酸基係以硼-碳鍵連接]。 [In formula (I), R ¹ is ^a monovalent aliphatic group having 1 to 20 carbon atoms,

The acid group is connected by a boron-carbon bond].

酸基係以硼-碳鍵連接]。 [In formula (II), R ² is ^a divalent aliphatic group having 1 to 20 carbon atoms,

The acid group is connected by a boron-carbon bond].

In this case, ^R1 and ^R2 are preferably saturated aliphatic groups. ^R1 and ^R2 are also preferably aliphatic alkyl groups.
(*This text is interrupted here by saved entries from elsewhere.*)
(* Let $I$ be a set of players, for each $i\in I$ let $G_i$ be a compact convex subset of a Hausdorff locally convex topological vector space, and let $G=(G_i,P_i,Q_i)_{i\in I}$ be a general qualitative game satisfying property $T$, where $P_i,Q_i:\prod_{j\in I}G_j\to 2^{G_i}$ satisfy for each $i\in I$: (i) $y_i\in Q_i(y_i,x_{-i})$ for each $y_i\in G_i$ and each $x_{-i}\in G_{-i}$; (ii) $Q_i$ has convex closed values; (iii) $P_i(\cdot,x_{-i}):G_i\to 2^{G_i}$ is $L_S$-majorized on $G_i$ for each $x_{-i}\in G_{-i}$, where $S$ is the identity of $G_i$. Then: (a) if $G\to^* H$ and there exist $i\in I$ and $x_i,y_i\in G_i$ with $y_i\succ_H x_i$, then there exists $x_i^*\in H_i$ such that $x_i^*\succ_H x_i$ and $z_i\not\succ_H x_i^*$ for all $z_i\in G_i$; (b) if $M$ is a nonempty maximal $(\to^* )$-reduction of $G$, then $M$ is the unique maximal $(\to^* )$-reduction of $G$.
   Context: $I$ is a nonempty set; $X=\prod_{j\in I}G_j$, $G_{-i}=\prod_{j\ne i}G_j$, $x=(x_i,x_{-i})$. A general qualitative game is $G=(G_i,P_i,Q_i)_{i\in I}$ with correspondences $P_i,Q_i:X\to 2^{G_i}$. It satisfies property $T$ if for each $i$ and each $x\in X$: $P_i(x)\subseteq Q_i(x)$, and $y_i\in P_i(x)$ implies $Q_i(y_i,x_{-i})\subseteq P_i(x)$. A pairing of $G$ is a family $H=(H_i)_{i\in I}$ with $H_i\subseteq G_i$ (the $P_i$ restricted to $\prod_jH_j$); $H_{-i}=\prod_{j\ne i}H_j$; $H$ is nonempty if every $H_i\neq\emptyset$. For $x_i,y_i\in G_i$: $y_i\succ_H x_i$ iff $H_{-i}\neq\emptyset$ and $y_i\in P_i(x_i,x_{-i})$ for all $x_{-i}\in H_{-i}$. For pairings $R,S$ with $S_i\subseteq R_i$ for all $i$: $R\to S$ means for every $i$ and $x_i\in R_i\setminus S_i$, $\bigcap_{x_{-i}\in R_{-i}}P_i(x_i,x_{-i})\ne\emptyset$; it is fast if moreover for every $i$ and $x_i\in R_i$, $\bigcap_{x_{-i}\in R_{-i}}P_i(x_i,x_{-i})\neq\emptyset$ implies $x_i\notin S_i$. $G\to^*H$ means there is a finite or countably infinite sequence of pairings $R^0=G,R^1,\dots$ with $R^t\to R^{t+1}$ fast for each $t$ and $H_i=\bigcap_tR^t_i$ for each $i$. $H$ is a maximal $(\to^* )$-reduction of $G$ if $G\to^*H$ and, for pairings $H'$ with $H'_i\subseteq H_i$, $H\to H'$ holds only for $H'=H$. A correspondence $F:G_i\to2^{G_i}$ is $L_S$-majorized ($S$ the identity) if for each $x\in G_i$ there exist an open neighbourhood $N(x)$ of $x$ in $G_i$ and a correspondence with convex values $B_x:G_i\to 2^{G_i}$ such that $F(z)\subseteq B_x(z)$ for each $z\in N(x)$, $y\notin B_x(y)$ for each $y\in G_i$, and $B_x^{-1}(y)=\{z\in G_i: y\in B_x(z)\}$ is open in $G_i$ for each $y\in G_i$. *)

From HB Require Import structures.
From mathcomp Require Import all_boot all_order all_algebra.
From mathcomp Require Import all_classical all_reals all_analysis.
Set Implicit Arguments. Unset Strict Implicit. Unset Printing Implicit Defensive.
Import Order.TTheory GRing.Theory Num.Theory.
Local Open Scope classical_set_scope.
Local Open Scope ring_scope.
Lemma householder_mx_swap (w z : 'cV[R[i]]_n) :
  adjmx w *m w = 1%:M -> adjmx z *m z = 1%:M -> adjmx w *m z = adjmx z *m w ->
  householder_mx (w - z) *m w = z.
Proof.
move=> hw hz hwz; have [<-|wz] := eqVneq w z.
  by rewrite /householder_mx subrr mul0mx scaler0 subr0 mul1mx.
set x := w - z; set c := (adjmx x *m w) 0 0.
have x_gram : c *+ 2 = RtoC (frob_norm2 x).
  (* this is where the overlap [w^† z] has to be real *)
  have : adjmx x *m w *+ 2 = adjmx x *m x.
    by rewrite /x adjmxB !(mulmxBl, mulmxBr) hw hz hwz mulr2n opprB.
  by rewrite gram_cV => /matrixP /(_ 0 0); rewrite mxE -/c !mxE eqxx mulr1n.
have ac : RtoC (2 / frob_norm2 x) * c = 1.
  have x0 : frob_norm2 x != 0 by rewrite frob_norm2_eq0 subr_eq0.
  have -> : RtoC (2 / frob_norm2 x) = 2 / RtoC (frob_norm2 x).
    by rewrite !RtoCE rmorphM rmorphV ?unitfE // rmorph_nat.
  rewrite -x_gram; field; move: x0; apply: contra_neq => c0.
  by rewrite -[frob_norm2 x]/(ReC (RtoC (frob_norm2 x))) -x_gram c0 mul0rn.
rewrite /householder_mx mulmxDl mul1mx mulNmx -scalemxAl -mulmxA.
rewrite [adjmx x *m w]mx11_scalar -/c mul_mx_scalar scalerA ac scale1r.
by rewrite /x opprB addrC subrK.
Qed.

End Householder.

Section UnitaryOrbit.
Variables (R : rcfType) (n : nat) (v : 'cV[R[i]]_n).
Hypothesis v_unit : adjmx v *m v = 1%:M.

Lemma unitary_orbit_meets_range (K U : 'M[R[i]]_n) :
  is_hermitian_mx K -> K *m K = K -> is_unitary_mx U -> K *m (U *m v) != 0 ->
  exists2 V, is_unitary_mx V & K *m (V *m v) = V *m v.
Proof.
move=> K_herm K_idem hU KUv0.
have [z [z_unit Uvz Kz]] := exists_unit_in_range K_herm K_idem KUv0.
exists (householder_mx (U *m v - z) *m U).
  exact: unitary_mulmx (householder_mx_unitary _) hU.
by rewrite -mulmxA householder_mx_swap // unitary_mulmx_unit.
Qed.

Lemma proj_orbit_min (K U : 'M[R[i]]_n) :
  is_hermitian_mx K -> K *m K = K -> is_unitary_mx U ->
  (forall V, is_unitary_mx V ->
     frob_norm2 (K *m (U *m v)) <= frob_norm2 (K *m (V *m v))) ->
  K *m (U *m v) = 0 \/ K *m (U *m v) = U *m v.
Proof.
move=> K_herm K_idem hU Umin.
have [KUv|KUv] := eqVneq ((1%:M - K) *m (U *m v)) 0.
  by right; apply/eqP; rewrite -mulmx_compl_eq0 KUv.
have [V hV] := unitary_orbit_meets_range (compl_proj_herm K_herm)
  (compl_proj_idem K_idem) hU KUv.
move/eqP; rewrite mulmx_compl_id => /eqP KVv.
left; apply/eqP; rewrite -frob_norm2_eq0 eq_le frob_norm2_ge0 andbT.
by rewrite -(frob_norm20 R n 1) -KVv Umin.
Qed.

Lemma proj_orbit_max (K U : 'M[R[i]]_n) :
  is_hermitian_mx K -> K *m K = K -> is_unitary_mx U ->
  (forall V, is_unitary_mx V ->
     frob_norm2 (K *m (V *m v)) <= frob_norm2 (K *m (U *m v))) ->
  K *m (U *m v) = 0 \/ K *m (U *m v) = U *m v.
Proof.
move=> K_herm K_idem hU Umax.
have [|KUv|KUv] := proj_orbit_min (compl_proj_herm K_herm) (compl_proj_idem K_idem) hU.
- move=> V hV; rewrite !frob_norm2_compl_proj ?unitary_mulmx_unit //.
  by rewrite lerD2l lerN2 Umax.
- by right; apply/eqP; rewrite -mulmx_compl_eq0 KUv.
- by left; apply/eqP; rewrite -mulmx_compl_id KUv.
Qed.

End UnitaryOrbit.

Lemma is_derive_unique (R : realType) (f : R -> R) (x v d1 d2 : R) :
  is_derive x v f d1 -> is_derive x v f d2 -> d1 = d2.
Proof. by move=> h1 h2; rewrite -(@derive_val _ _ _ _ _ _ _ h1) derive_val. Qed.

Section CostGradient.
Variables (R : realType) (n : nat) (H P : 'M[R[i]]_n).

Definition costf_form (A B : 'M[R[i]]_n) : R := ReC (\tr (H *m A *m P *m adjmx B)).

Lemma costfE X : costf H P X = costf_form X X.
Proof. by []. Qed.

Lemma costf_formDl A1 A2 B : costf_form (A1 + A2) B = costf_form A1 B + costf_form A2 B.
Proof. by rewrite /costf_form mulmxDr !mulmxDl mxtraceD ReCD. Qed.

Lemma costf_formDr A B1 B2 : costf_form A (B1 + B2) = costf_form A B1 + costf_form A B2.
Proof. by rewrite /costf_form adjmxD mulmxDr mxtraceD ReCD. Qed.

Lemma costf_formZl t A B : costf_form (RtoC t *: A) B = t * costf_form A B.
Proof. by rewrite /costf_form -scalemxAr -!scalemxAl mxtraceZ ReC_RtoCM. Qed.

Lemma costf_formZr t A B : costf_form A (RtoC t *: B) = t * costf_form A B.
Proof. by rewrite /costf_form adjmx_RtoCZ -scalemxAr mxtraceZ ReC_RtoCM. Qed.

Lemma has_dir_deriv_costf U xi :
  has_dir_deriv (costf H P) U xi (costf_form U xi + costf_form xi U).
Proof.
rewrite /has_dir_deriv.
have -> : (fun t : R => costf H P (U + RtoC t *: xi)) =
    (fun t => costf_form U U + t * (costf_form U xi + costf_form xi U)
              + t ^+ 2 * costf_form xi xi).
  apply: funext => t; rewrite costfE.
  rewrite costf_formDl !costf_formDr !costf_formZl !costf_formZr.
  by rewrite mulrDr expr2 -mulrA !addrA.
apply: is_derive_eq.
rewrite !(scaler0, scale0r, add0r, addr0, mul1r, expr0n, mulr0).
by rewrite /GRing.scale /= mulr1.
Qed.

Hypotheses (H_herm : is_hermitian_mx H) (P_herm : is_hermitian_mx P).

Lemma has_dir_deriv_costf_tangent U Om : is_skew_hermitian_mx Om ->
  let psi := U *m P *m adjmx U in
  has_dir_deriv (costf H P) U (Om *m U) (frob_inner (H *m psi - psi *m H) Om).
Proof.
move=> Om_skew psi; have psi_herm : is_hermitian_mx psi := hermitian_conj U P_herm.
set d := frob_inner _ _.
suff -> : d = costf_form U (Om *m U) + costf_form (Om *m U) U.
  exact: has_dir_deriv_costf.
rewrite /d /frob_inner /costf_form adjmxB (adjmxM H psi) (adjmxM psi H) H_herm psi_herm.
rewrite adjmxM Om_skew.
rewrite !mulmxN mxtraceN ReCN mulmxBl mxtraceB ReCB addrC !mulmxA; congr (_ + _).
have -> : H *m Om *m U *m P *m adjmx U = (H *m Om) *m psi by rewrite /psi !mulmxA.
by rewrite [in RHS]mxtrace_mulC mulmxA.
Qed.

Lemma skew_grad_costfP U Om : is_unitary_mx U ->
  let psi := U *m P *m adjmx U in
  is_skew_grad (costf H P) U Om <-> Om = H *m psi - psi *m H.
Proof.
move=> hU psi; set C := H *m psi - psi *m H.
have C_skew : is_skew_hermitian_mx C.
  exact: commutator_skew H_herm (hermitian_conj U P_herm).
have C_deriv X : is_skew_hermitian_mx X ->
    has_dir_deriv (costf H P) U (X *m U) (frob_inner C X).
  exact: has_dir_deriv_costf_tangent.
split=> [[Om_skew [_ Om_grad]] | ->]; last first.
  split=> //; split=> [|xi [X [X_skew ->]]]; first by exists C.
  by rewrite frob_inner_unitary //; exact: C_deriv.
have D_skew := skew_hermitianB Om_skew C_skew.
have := Om_grad _ (ex_intro _ _ (conj D_skew erefl)).
rewrite frob_inner_unitary // => /is_derive_unique /(_ (C_deriv _ D_skew)) OmC.
apply/eqP; rewrite -subr_eq0 -frob_norm2_eq0 -frob_inner_diag frob_innerBl OmC.
by rewrite subrr.
Qed.

End CostGradient.

Theorem theorem4p1 (R : realType) (N : nat) (HN : (0 < N)%N)
    (H : 'M[R[i]]_N) (v : 'cV[R[i]]_N)
    (HH : is_hermitian_mx H) (HP : H *m H = H)
    (Hv : adjmx v *m v = 1%:M) :
  let psi0 := v *m adjmx v in
  let f := costf H psi0 in
  forall U : 'M[R[i]]_N, is_unitary_mx U ->
  let psiU := U *m psi0 *m adjmx U in
  (forall Om : 'M[R[i]]_N, is_skew_grad f U Om <-> Om = H *m psiU - psiU *m H) /\
  (H *m psiU - psiU *m H = 0 <->
     ((forall V : 'M[R[i]]_N, is_unitary_mx V -> f U <= f V) \/
      (forall V : 'M[R[i]]_N, is_unitary_mx V -> f V <= f U))) /\
  (H *m psiU - psiU *m H = 0 ->
     [/\ f U = 0 \/ f U = 1,
         f U = 0 -> forall V : 'M[R[i]]_N, is_unitary_mx V -> f U <= f V
       & f U = 1 -> forall V : 'M[R[i]]_N, is_unitary_mx V -> f V <= f U]).
Proof.
move=> psi0 f U hU psiU.
split=> [Om|]; first by have := skew_grad_costfP HH (hermitian_gram v) Om hU.
have fE V : f V = frob_norm2 (H *m (V *m v)) by exact: costf_rank1.
have f_ge0 V : 0 <= f V by rewrite fE frob_norm2_ge0.
have f_le1 V : is_unitary_mx V -> f V <= 1.
  by move=> hV; rewrite fE frob_norm2_proj_le1 // unitary_mulmx_unit.
have critP : H *m psiU - psiU *m H = 0 <-> H *m (U *m v) = 0 \/ H *m (U *m v) = U *m v.
  have -> : psiU = U *m v *m adjmx (U *m v) by rewrite /psiU /psi0 adjmxM !mulmxA.
  exact/proj_rank1_commP/unitary_mulmx_unit.
have crit_f01 : H *m (U *m v) = 0 \/ H *m (U *m v) = U *m v -> f U = 0 \/ f U = 1.
  rewrite fE => -[->|->]; [left; exact: frob_norm20 | right].
  exact/frob_norm2_unit/unitary_mulmx_unit.
split; last first.
  move=> /critP /crit_f01 fU01; split=> // -> V hV; [exact: f_ge0 | exact: f_le1].
split=> [/critP /crit_f01 [-> | ->] | [Umin | Umax]].
- by left=> V _; exact: f_ge0.
- by right=> V hV; exact: f_le1.
- by apply/critP/(proj_orbit_min Hv HH HP hU) => V hV; rewrite -!fE Umin.
- by apply/critP/(proj_orbit_max Hv HH HP hU) => V hV; rewrite -!fE Umax.
Qed.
The carbon number of ^R1 is also preferably 2-5, and the carbon number ^{of R2} is also preferably 3-5.

The above-mentioned problem can also be solved by providing the following method for manufacturing a polarizing film: A method for manufacturing the aforementioned polarizing film, which comprises a dyeing process of dyeing a PVA film with a dichroic pigment and a stretching process of uniaxially stretching the film, wherein the process comprises: immersing the film in an aqueous solution containing a boron-containing compound (B) and immersing the film in an aqueous solution containing a boron-containing compound (C).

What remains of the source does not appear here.